Hutan sebagai daerah tangkapan hujan akan menyimpan air (meteoric water) dengan baik sebelum masuk kedalam reservoir atau dengan kata lain hutan berfungsi menghambatan air hujan sehingga tidak menjadi run-off water yang akan mengalir ke sungai. 

Oleh karena energi panas bumi yang ramah lingkungan dan terbaharukan inilah maka perlu dicarikan suatu pola pengembangan di dalam kawasan hutan sehingga menghasilkan sinergi yang saling menguntungkan.

Begitu pula kekuatiran terhadap lahan-lahan yang digunakan dalam melakukan eksplorasi panas bumi. Dalam tehnis pelaksanaan pada saat pembersihan dan persiapan lahan, akan ada langkah-langkah untuk pencegahan erosi dan tanah longsor. 

Pada area yang curam, akan dibuat dinding penahan tanah/bronjong (retaining wall) atau ditanami dengan tanaman yang dapat menahan erosi. 

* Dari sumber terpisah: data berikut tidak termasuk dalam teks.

(* Fix positive integers $n_x,n_y$, space steps $\delta x,\delta y>0$ and a time step $\delta t>0$, and consider grid functions on the doubly periodic grid of cells $(i,j)$, $i\in\mathbb{Z}/n_x\mathbb{Z}$, $j\in\mathbb{Z}/n_y\mathbb{Z}$ (periodic boundary conditions). Let $K:(0,\infty)\to(0,\infty)$ be smooth, let $F$ satisfy $F'(\varrho)=\sqrt{K(\varrho)\varrho}$, and let $F_0:(0,\infty)\to\mathbb{R}$ be smooth with pressure $p(\varrho)=\varrho F_0'(\varrho)-F_0(\varrho)$. Define the entropy $$\bar{\mathcal{E}}(\varrho,{\bf u},{\bf w})=\frac{\varrho}{2}\bigl(|{\bf u}|^2+|{\bf w}|^2\bigr)+F_0(\varrho),\qquad \varrho>0,\ {\bf u},{\bf w}\in\mathbb{R}^2.$$ Given data $(\varrho^n_{i,j},{\bf u}^n_{i,j},{\bf w}^n_{i,j})$ with $\varrho^n_{i,j}>0$, consider the scheme $$\frac{\varrho_{i,j}^{n+1}-\varrho_{i,j}^n}{\delta t}+d_1(\mathcal{F}_{\varrho,1}^n)_{i,j}+d_2(\mathcal{F}_{\varrho,2}^n)_{i,j}=0,$$ $$\frac{(\varrho{\bf u})_{i,j}^{n+1}-(\varrho{\bf u})_{i,j}^n}{\delta t}+d_1(\mathcal{F}_{{\bf u},1}^n)_{i,j}+d_2(\mathcal{F}_{{\bf u},2}^n)_{i,j}=\bigl(\mathcal{T}_h(\varrho^{n+1}){\bf w}^{n+1}\bigr)_{i,j},$$ $$\frac{(\varrho{\bf w})_{i,j}^{n+1}-(\varrho{\bf w})_{i,j}^n}{\delta t}+d_1(\mathcal{F}_{{\bf w},1}^n)_{i,j}+d_2(\mathcal{F}_{{\bf w},2}^n)_{i,j}=-\bigl(\mathcal{T}_h(\varrho^{n+1}){\bf u}^{n+1}\bigr)_{i,j},$$ where $(\varrho{\bf u})^{k}_{i,j}=\varrho^k_{i,j}{\bf u}^k_{i,j}$, $(\varrho{\bf w})^{k}_{i,j}=\varrho^k_{i,j}{\bf w}^k_{i,j}$, the numerical fluxes $\mathcal{F}^n$ are the Rusanov fluxes evaluated at time level $n$ (described in the context), and $\mathcal{T}_h$ is the discrete capillary operator described in the context. Assume that the hyperbolic scheme (the same scheme with $F\equiv 0$, i.e. with zero right-hand sides) is entropy stable, i.e. $\sum_{i,j}\bar{\mathcal{E}}$ does not increase from time level $n$ to time level $n+1$ under it. Then any solution $(\varrho^{n+1},{\bf u}^{n+1},{\bf w}^{n+1})$ of the full scheme with $\varrho^{n+1}_{i,j}>0$ satisfies $$\sum_{i,j}\bar{\mathcal{E}}(\varrho_{i,j}^{n+1},{\bf u}_{i,j}^{n+1},{\bf w}_{i,j}^{n+1})\le\sum_{i,j}\bar{\mathcal{E}}(\varrho_{i,j}^{n},{\bf u}_{i,j}^{n},{\bf w}_{i,j}^{n}),$$ the sums running over all cells of the periodic grid.
   Context: This is a discretization of the extended Euler–Korteweg system $\partial_t\varrho+{\rm div}(\varrho{\bf u})=0$, $\partial_t(\varrho{\bf u})+{\rm div}(\varrho{\bf u}\otimes{\bf u})+\nabla p(\varrho)=\mathcal{T}(\varrho){\bf w}$, $\partial_t(\varrho{\bf w})+{\rm div}(\varrho{\bf w}\otimes{\bf u})=-\mathcal{T}(\varrho){\bf u}$ in two space dimensions, where $\mathcal{T}(\varrho){\bf v}={\rm div}(F(\varrho)\nabla{\bf v}^T)+\nabla\bigl((\varrho F'(\varrho)-F(\varrho)){\rm div}\,{\bf v}\bigr)$. Finite difference operators (indices in $\mathbb{Z}/n_x\mathbb{Z}$, $\mathbb{Z}/n_y\mathbb{Z}$, half-integer indices denote cell interfaces): $(d_1 u)_{i,j}=\frac{u_{i+1/2,j}-u_{i-1/2,j}}{\delta x}$, $(d_1^+u)_{i+1/2,j}=\frac{u_{i+1,j}-u_{i,j}}{\delta x}$, $(\bar d_1u)_{i,j}=\frac{u_{i+1,j}-u_{i-1,j}}{2\delta x}$, $(d_2 u)_{i,j}=\frac{u_{i,j+1/2}-u_{i,j-1/2}}{\delta y}$, $(d_2^+u)_{i,j+1/2}=\frac{u_{i,j+1}-u_{i,j}}{\delta y}$, $(\bar d_2 u)_{i,j}=\frac{u_{i,j+1}-u_{i,j-1}}{2\delta y}$. Discrete capillary operator: for a grid density $\varrho>0$ and a grid vector field ${\bf v}=({\bf v}_1,{\bf v}_2)$, $(\mathcal{T}_h(\varrho){\bf v})_{i,j}$ has first component $d_1\bigl(\varrho F'(\varrho)\,d_1^+{\bf v}_1\bigr)_{i,j}+\bar d_2\bigl(F(\varrho)\,\bar d_1{\bf v}_2\bigr)_{i,j}+\bar d_1\bigl((\varrho F'(\varrho)-F(\varrho))\,\bar d_2{\bf v}_2\bigr)_{i,j}$ and second component $\bar d_1\bigl(F(\varrho)\,\bar d_2{\bf v}_1\bigr)_{i,j}+\bar d_2\bigl((\varrho F'(\varrho)-F(\varrho))\,\bar d_1{\bf v}_1\bigr)_{i,j}+d_2\bigl(\varrho F'(\varrho)\,d_2^+{\bf v}_2\bigr)_{i,j}$, where $F(\varrho)$, $\varrho F'(\varrho)-F(\varrho)$ are evaluated cellwise, and $\varrho F'(\varrho)$ at interfaces $(i+1/2,j)$, $(i,j+1/2)$ denotes some interface value computed from $\varrho$ (e.g. an average of neighbouring cell values). Rusanov fluxes: with conservative state $U=(\varrho,\varrho{\bf u},\varrho{\bf w})$ and physical fluxes $f_k(U)=(\varrho u_k,\ \varrho u_k{\bf u}+p(\varrho){\bf e}_k,\ \varrho u_k{\bf w})$ for $k=1,2$, the interface flux in direction $1$ is $\mathcal{F}_{1,i+1/2,j}=\frac12\bigl(f_1(U_{i,j})+f_1(U_{i+1,j})\bigr)-\frac{c_{i+1/2,j}}{2}(U_{i+1,j}-U_{i,j})$ with a local wave-speed bound $c_{i+1/2,j}$, all evaluated at time level $n$, and similarly in direction $2$; $(\mathcal{F}_{\varrho,k},\mathcal{F}_{{\bf u},k},\mathcal{F}_{{\bf w},k})$ are the components of $\mathcal{F}_k$. Thus convection is treated explicitly and capillary terms implicitly; the new velocities are ${\bf u}^{n+1}=(\varrho{\bf u})^{n+1}/\varrho^{n+1}$, ${\bf w}^{n+1}=(\varrho{\bf w})^{n+1}/\varrho^{n+1}$. *)

From Stdlib Require Import Reals List.
From Coquelicot Require Import Coquelicot.
Open Scope R_scope.

(* Grid functions on the periodic grid: only indices i < nx, j < ny matter.
   For an interface grid, the value at index (i, j) stands for (i+1/2, j)
   (direction 1) resp. (i, j+1/2) (direction 2). *)
Definition grid := nat -> nat -> R.

Definition nxt (n i : nat) : nat := Nat.modulo (S i) n.
Definition prv (n i : nat) : nat := Nat.modulo (i + n - 1) n.

Definition gsum (nx ny : nat) (f : grid) : R :=
  fold_right Rplus 0
    (map (fun i => fold_right Rplus 0 (map (fun j => f i j) (seq 0 ny)))
         (seq 0 nx)).

(* (d1 u)_{i,j} = (u_{i+1/2,j} - u_{i-1/2,j}) / dx, u an interface grid *)
Definition d1 (nx : nat) (dx : R) (u : grid) : grid :=
  fun i j => (u i j - u (prv nx i) j) / dx.
(* (d1^+ u)_{i+1/2,j} = (u_{i+1,j} - u_{i,j}) / dx *)
Definition d1p (nx : nat) (dx : R) (u : grid) : grid :=
  fun i j => (u (nxt nx i) j - u i j) / dx.
Definition bd1 (nx : nat) (dx : R) (u : grid) : grid :=
  fun i j => (u (nxt nx i) j - u (prv nx i) j) / (2 * dx).
Definition d2 (ny : nat) (dy : R) (u : grid) : grid :=
  fun i j => (u i j - u i (prv ny j)) / dy.
Definition d2p (ny : nat) (dy : R) (u : grid) : grid :=
  fun i j => (u i (nxt ny j) - u i j) / dy.
Definition bd2 (ny : nat) (dy : R) (u : grid) : grid :=
  fun i j => (u i (nxt ny j) - u i (prv ny j)) / (2 * dy).

(* Discrete capillary operator T_h(rho) v, components 1 and 2.
   F is F, dF its derivative F'; I1 rho, I2 rho are the interface values of
   rho F'(rho) at (i+1/2,j) resp. (i,j+1/2), computed from rho by arbitrary
   maps I1, I2. *)
Definition Tcap1 (nx ny : nat) (dx dy : R) (F dF : R -> R)
    (I1 : grid -> grid) (rho v1 v2 : grid) : grid :=
  fun i j =>
    d1 nx dx (fun a b => I1 rho a b * d1p nx dx v1 a b) i j
    + bd2 ny dy (fun a b => F (rho a b) * bd1 nx dx v2 a b) i j
    + bd1 nx dx (fun a b => (rho a b * dF (rho a b) - F (rho a b))
                             * bd2 ny dy v2 a b) i j.

Definition Tcap2 (nx ny : nat) (dx dy : R) (F dF : R -> R)
    (I2 : grid -> grid) (rho v1 v2 : grid) : grid :=
  fun i j =>
    bd1 nx dx (fun a b => F (rho a b) * bd2 ny dy v1 a b) i j
    + bd2 ny dy (fun a b => (rho a b * dF (rho a b) - F (rho a b))
                             * bd1 nx dx v1 a b) i j
    + d2 ny dy (fun a b => I2 rho a b * d2p ny dy v2 a b) i j.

Pembukaan lahan tidak boleh melebihi batas area proyek yang akan digunakan, dan apabila kegiatan telah selesai maka akan dilakukan revegetasi (penenaman kembali dengan tanaman, vegetasi lokal segera setelah kegiatan selesai. Revegetasi atau penanaman kembali dengan tanaman atau vegetasi akan segera dilakukan setelah lahan tidak digunakan dan menggunakan top soil/tanah pucuk yang disimpan dan digunakan kembali saat revegetasi.

Terkait dengan isu gangguan terhadap air permukaan juga tidak punya dasar . Kedalaman pengeboran eskplorasi mencapai 1.500 – 2.500 meter di bawah permukaan tanah. Pengeboran panas bumi jauh di bawah level air tanah yang dimanfaatkan oleh kehidupan masyarakat.  

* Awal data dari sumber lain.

(* Let $\phi : A \to B$ be a positive linear map between monotone complete ordered vector spaces $A$ and $B$. Assume that $A$ is a vector lattice admitting some faithful positive linear functional. If $\phi$ is sequentially normal, then $\phi$ is normal.
   Context: An ordered vector space $W$ is monotone complete if every non-empty upward directed subset of $W$ that is bounded above has a supremum in $W$ (in particular every bounded above increasing sequence then has a supremum). A positive linear functional $\psi$ on an ordered vector space $W$ with positive cone $W_+$ is faithful if $\psi(a)>0$ for every $a\in W_+\setminus\{0\}$. A positive linear map $\phi:A\to B$ between monotone complete ordered vector spaces is called normal if $\phi(\sup J)=\sup_{j\in J}\phi(j)$ for every non-empty upper bounded upward directed subset $J$ of $A$, and sequentially normal if $\phi(\sup_n j_n)=\sup_n\phi(j_n)$ for every upper bounded increasing sequence $(j_n)$ in $A$. *)

From HB Require Import structures.
From mathcomp Require Import all_boot all_order all_algebra.
From mathcomp Require Import reals.
Set Implicit Arguments. Unset Strict Implicit. Unset Printing Implicit Defensive.
Import Order.TTheory GRing.Theory Num.Theory.
Local Open Scope ring_scope.

Section OrdVS.
Variables (R : realType) (V : lmodType R).

(* W_+ is a proper convex cone: this is exactly what makes
   x <= y := (y - x \in W_+) a partial order compatible with the
   vector space operations. *)
Definition is_pos_cone (P : V -> Prop) : Prop :=
  [/\ P 0,
      (forall x y, P x -> P y -> P (x + y)),
      (forall (r : R) x, 0 <= r -> P x -> P (r *: x)) &
      (forall x, P x -> P (- x) -> x = 0)].

Definition ovle (P : V -> Prop) (x y : V) : Prop := P (y - x).

Definition is_ub (P : V -> Prop) (J : V -> Prop) (u : V) : Prop :=
  forall j, J j -> ovle P j u.

Definition bounded_above (P : V -> Prop) (J : V -> Prop) : Prop :=
  exists u, is_ub P J u.

Definition is_sup (P : V -> Prop) (J : V -> Prop) (s : V) : Prop :=
  is_ub P J s /\ forall u, is_ub P J u -> ovle P s u.

Definition up_directed (P : V -> Prop) (J : V -> Prop) : Prop :=
  (exists j, J j) /\
  forall a b, J a -> J b -> exists c, [/\ J c, ovle P a c & ovle P b c].

Definition monotone_complete (P : V -> Prop) : Prop :=
  forall J, up_directed P J -> bounded_above P J -> exists s, is_sup P J s.

Definition vector_lattice (P : V -> Prop) : Prop :=
  forall x y, exists s, is_sup P (fun z => z = x \/ z = y) s.

Definition faithful_pos_functional (P : V -> Prop) (psi : V -> R) : Prop :=
  [/\ (forall x y, psi (x + y) = psi x + psi y),
      (forall (r : R) x, psi (r *: x) = r * psi x),
      (forall x, P x -> 0 <= psi x) &
      (forall x, P x -> x <> 0 -> 0 < psi x)].

End OrdVS.

Section Maps.
Variables (R : realType) (A B : lmodType R).

Definition positive_map (PA : A -> Prop) (PB : B -> Prop) (phi : A -> B) :=
  forall x, PA x -> PB (phi x).

Definition increasing_seq (PA : A -> Prop) (j : nat -> A) :=
  forall n, ovle PA (j n) (j n.+1).

Definition normal_map (PA : A -> Prop) (PB : B -> Prop) (phi : A -> B) :=
  forall (J : A -> Prop), up_directed PA J -> bounded_above PA J ->
    forall s, is_sup PA J s ->
      is_sup PB (fun b => exists2 a, J a & b = phi a) (phi s).

Definition seq_normal_map (PA : A -> Prop) (PB : B -> Prop) (phi : A -> B) :=
  forall (j : nat -> A), increasing_seq PA j ->
    bounded_above PA (fun a => exists n, a = j n) ->
    forall s, is_sup PA (fun a => exists n, a = j n) s ->
      is_sup PB (fun b => exists n, b = phi (j n)) (phi s).

End Maps.

From HB Require Import structures.
From mathcomp Require Import all_boot all_order all_algebra.
From mathcomp Require Import boolp classical_sets reals lra.
Set Implicit Arguments. Unset Strict Implicit. Unset Printing Implicit Defensive.
Import Order.TTheory GRing.Theory Num.Theory.
Local Open Scope ring_scope.

(* Let J be directed with supremum s, and let alpha be the supremum of the
   faithful functional psi on J.  Choose elements of J on which psi comes
   within 1/(n+1) of alpha and use directedness to push them into an
   increasing sequence j_n in J; let t be its supremum.  For any a in J the
   positive part of a - t lies below c - j_n for some c in J above a and j_n,
   so psi of it is at most 1/(n+1) for every n; faithfulness forces it to
   vanish, i.e. a <= t.  Hence t = s, and sequential normality applied to
   (j_n) gives phi s = sup phi(j_n) <= sup phi(J). *)

Section OrderedSpace.
Variables (R : realType) (V : lmodType R) (P : V -> Prop).
Hypothesis cone : is_pos_cone P.

Lemma ovle_refl x : ovle P x x.
Proof. by case: cone => P0 _ _ _; rewrite /ovle subrr. Qed.

Lemma ovle_trans y x z : ovle P x y -> ovle P y z -> ovle P x z.
Proof.
case: cone => _ PD _ _; rewrite /ovle => xy yz.
by move: (PD _ _ yz xy); rewrite addrA subrK.
Qed.

Lemma ovle_anti x y : ovle P x y -> ovle P y x -> x = y.
Proof.
case: cone => _ _ _ Panti; rewrite /ovle => xy yx.
by apply/eqP; rewrite eq_sym -subr_eq0 (Panti (y - x)) // opprB.
Qed.

Lemma ovleB x1 y1 x2 y2 :
  ovle P x1 y1 -> ovle P x2 y2 -> ovle P (x1 - y2) (y1 - x2).
Proof.
case: cone => _ PD _ _; rewrite /ovle => le1 le2.
have -> : y1 - x2 - (x1 - y2) = (y1 - x1) + (y2 - x2).
  by rewrite opprB addrACA [RHS]addrACA [- x2 + _]addrC.
exact: PD.
Qed.

Lemma is_sup_unique J s t : is_sup P J s -> is_sup P J t -> s = t.
Proof.
move=> [sJ sleast] [tJ tleast].
by apply: ovle_anti; [apply: sleast tJ | apply: tleast sJ].
Qed.

Lemma is_sup_subset S J t : (forall x, S x -> J x) ->
  is_sup P S t -> is_ub P J t -> is_sup P J t.
Proof.
move=> SJ [_ tleast] tJ; split=> // u uJ.
by apply: tleast => x Sx; apply: uJ; apply: SJ.
Qed.

Lemma increasing_seq_ovle j m n : increasing_seq P j -> (m <= n)%N ->
  ovle P (j m) (j n).
Proof.
move=> incr; elim: n => [|n IH].
  by rewrite leqn0 => /eqP ->; exact: ovle_refl.
rewrite leq_eqVlt => /orP [/eqP -> | ]; first exact: ovle_refl.
by rewrite ltnS => /IH le_mn; apply: ovle_trans le_mn (incr n).
Qed.

Lemma increasing_seq_up_directed j : increasing_seq P j ->
  up_directed P (fun x => exists n, x = j n).
Proof.
move=> incr; split; first by exists (j 0%N), 0%N.
move=> _ _ [m ->] [n ->]; exists (j (maxn m n)); split.
- by exists (maxn m n).
- by apply: increasing_seq_ovle; rewrite ?leq_maxl.
- by apply: increasing_seq_ovle; rewrite ?leq_maxr.
Qed.

Lemma up_directed_increasing_majorant J (a : nat -> V) :
  up_directed P J -> (forall n, J (a n)) ->
  exists j, [/\ increasing_seq P j, forall n, J (j n) &
                forall n, ovle P (a n) (j n)].
Proof.
move=> [_ dirJ] Ja.
have /choice [ub ubP] : forall xy : {x | J x} * {x | J x}, exists c : {x | J x},
    ovle P (sval xy.1) (sval c) /\ ovle P (sval xy.2) (sval c).
  move=> [[x Jx] [y Jy]]; have [c [Jc xc yc]] := dirJ _ _ Jx Jy.
  by exists (exist J c Jc).
pose fix js n : {x | J x} :=
  if n is n'.+1 then ub (js n', exist J _ (Ja n)) else exist J _ (Ja 0%N).
exists (fun n => sval (js n)); split.
- by move=> n; case: (ubP (js n, exist J _ (Ja n.+1))).
- by move=> n; exact: svalP.
- by case=> [|n]; [exact: ovle_refl | case: (ubP (js n, exist J _ (Ja n.+1)))].
Qed.

End OrderedSpace.

Section FaithfulFunctional.
Variables (R : realType) (V : lmodType R) (P : V -> Prop) (psi : V -> R).
Hypothesis fpsi : faithful_pos_functional P psi.

Lemma psiB x y : psi (x - y) = psi x - psi y.
Proof. by case: fpsi => psiD psiZ _ _; rewrite psiD -scaleN1r psiZ mulN1r. Qed.

Lemma psi_le x y : ovle P x y -> psi x <= psi y.
Proof.
by case: fpsi => _ _ psi_ge0 _ xy; rewrite -subr_ge0 -psiB; apply: psi_ge0.
Qed.

Lemma ovle0_of_small_majorants x : vector_lattice P ->
  (forall e, 0 < e -> exists y, [/\ ovle P x y, P y & psi y <= e]) ->
  ovle P x 0.
Proof.
move=> vlat small; have [d [dub dleast]] := vlat x 0.
have xd : ovle P x d by apply: dub; left.
have Pd : P d by move: (dub 0 (or_intror erefl)); rewrite /ovle subr0.
suff d0 : d = 0 by rewrite -d0.
have psid_le0 : psi d <= 0.
  apply/ler_addgt0Pr => e /small [y [xy Py psiy]]; rewrite add0r.
  apply: le_trans psiy; apply: psi_le; apply: dleast => _ [->|->] //.
  by rewrite /ovle subr0.
have [//|d_neq0] := pselect (d = 0).
case: fpsi => _ _ _ psi_gt0.
by have := psi_gt0 d Pd d_neq0; rewrite ltNge psid_le0.
Qed.

End FaithfulFunctional.

Lemma exists_inv_succn_lt (R : archiRealFieldType) (e : R) :
  0 < e -> exists n : nat, (n.+1%:R)^-1 < e.
Proof.
move=> e_gt0; exists (Num.bound e^-1).
rewrite invf_plt ?posrE ?ltr0n //.
by apply: lt_trans (archi_boundP _) _; rewrite ?invr_ge0 ?ltW // ltr_nat.
Qed.

Section SequentialCofinality.
Variables (R : realType) (V : lmodType R) (P : V -> Prop) (psi : V -> R).
Hypotheses (cone : is_pos_cone P) (fpsi : faithful_pos_functional P psi).
Hypothesis vlat : vector_lattice P.

Lemma is_ub_of_psi_exhausting J (j : nat -> V) t (alpha : R) :
  up_directed P J -> (forall n, J (j n)) ->
  is_ub P (fun x => exists n, x = j n) t ->
  (forall a, J a -> psi a <= alpha) ->
  (forall n, alpha - (n.+1%:R)^-1 < psi (j n)) ->
  is_ub P J t.
Proof.
move=> [_ dirJ] Jj tub alpha_ub psi_j a Ja.
suff : ovle P (a - t) 0 by rewrite /ovle sub0r opprB.
apply: (ovle0_of_small_majorants fpsi vlat) => e e_gt0.
have [n lt_inv_e] := exists_inv_succn_lt e_gt0.
have [c [Jc ac jc]] := dirJ _ _ Ja (Jj n).
exists (c - j n); split => //.
- by apply: ovleB => //; apply: tub; exists n.
- have := alpha_ub c Jc; have := psi_j n; move: lt_inv_e.
  by rewrite (psiB fpsi); move: (n.+1%:R)^-1 => i; lra.
Qed.

Lemma up_directed_sup_increasing_seq J s :
  monotone_complete P -> up_directed P J -> is_sup P J s ->
  exists j, [/\ increasing_seq P j, forall n, J (j n) &
                is_sup P (fun x => exists n, x = j n) s].
Proof.
move=> mcomp dirJ supJ; have [sJ _] := supJ; have [[a0 Ja0] _] := dirJ.
pose alpha := sup [set psi a | a in J].
have psiJ_sup : has_sup [set psi a | a in J].
  split; first by exists (psi a0), a0.
  by exists (psi s) => _ [a Ja <-]; apply: (psi_le fpsi); apply: sJ.
have /choice [a aP] : forall n : nat,
    exists a, J a /\ alpha - (n.+1%:R)^-1 < psi a.
  move=> n; have inv_gt0 : 0 < (n.+1%:R : R)^-1 by rewrite invr_gt0 ltr0n.
  by have [_ [a Ja <-] lt_a] := sup_adherent inv_gt0 psiJ_sup; exists a.
have [j [incr Jj aj]] :=
  up_directed_increasing_majorant cone dirJ (fun n => (aP n).1).
have jJ x : (exists n, x = j n) -> J x by case=> n ->.
have [t tsup] := mcomp _ (increasing_seq_up_directed cone incr)
                         (ex_intro _ s (fun x jx => sJ x (jJ x jx))).
have t_supJ : is_sup P J t.
  apply: (is_sup_subset jJ tsup).
  apply: (is_ub_of_psi_exhausting (alpha := alpha) dirJ Jj tsup.1).
  - by move=> a' Ja'; apply: sup_upper_bound psiJ_sup _ _; exists a'.
  - by move=> n; apply: lt_le_trans (aP n).2 (psi_le fpsi (aj n)).
by exists j; split => //; rewrite (is_sup_unique cone supJ t_supJ).
Qed.

End SequentialCofinality.

Theorem mainTheorem2 (R : realType) (A B : lmodType R)
    (PA : A -> Prop) (PB : B -> Prop) (phi : {linear A -> B}) :
  is_pos_cone PA -> is_pos_cone PB ->
  monotone_complete PA -> monotone_complete PB ->
  vector_lattice PA ->
  (exists psi : A -> R, faithful_pos_functional PA psi) ->
  positive_map PA PB phi ->
  seq_normal_map PA PB phi ->
  normal_map PA PB phi.
Proof.
move=> coneA _ mcA _ vlat [psi fpsi] posphi seqn J dirJ _ s supJ.
have [j [incr Jj supj]] :=
  up_directed_sup_increasing_seq coneA fpsi vlat mcA dirJ supJ.
apply: (is_sup_subset (S := fun b => exists n, b = phi (j n))).
- by move=> _ [n ->]; exists (j n).
- exact: seqn j incr (ex_intro _ s supj.1) s supj.
- by move=> _ [a Ja ->]; rewrite /ovle -linearB; apply: posphi; apply: supJ.1.
Qed.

Kedalaman air tanah pada umumnya adalah kurang dari 200 meter. Dengan demikian, pengeboran eksplorasi tidak akan mengganggu mata air sebagai sumber bagi penduduk setempat. Proyek tidak memakai air dari mata air karena tidak cukup debitnya untuk keperluan pengeboran.

Gangguan terhadap kualitas udara adalah berupa debu dihasilkan dari kegiatan konstruksi, dan dan gangguan dari emisi gas buang dari kendaraan maupun peralatan yang digunakan selama kegiatan konstruksi dan pengeboran. 

Untuk meminimalkan dampak kualitas udara, maka telah disiapkan langkah-langkah mitigasi yang harus dilakukan oleh pelaksana dalam melaksanakan pekerjaan di lapangan. Mitigasi yang dilakukan adalah penyiraman jalan tanah, penggunaan Kendaraan yang sudah lolos uji emisi gas buang dan memastikan adanya servis berkala untuk memastikan mesin-mesin yang digunakan memenuhi standar emisi yang ditetapkan. 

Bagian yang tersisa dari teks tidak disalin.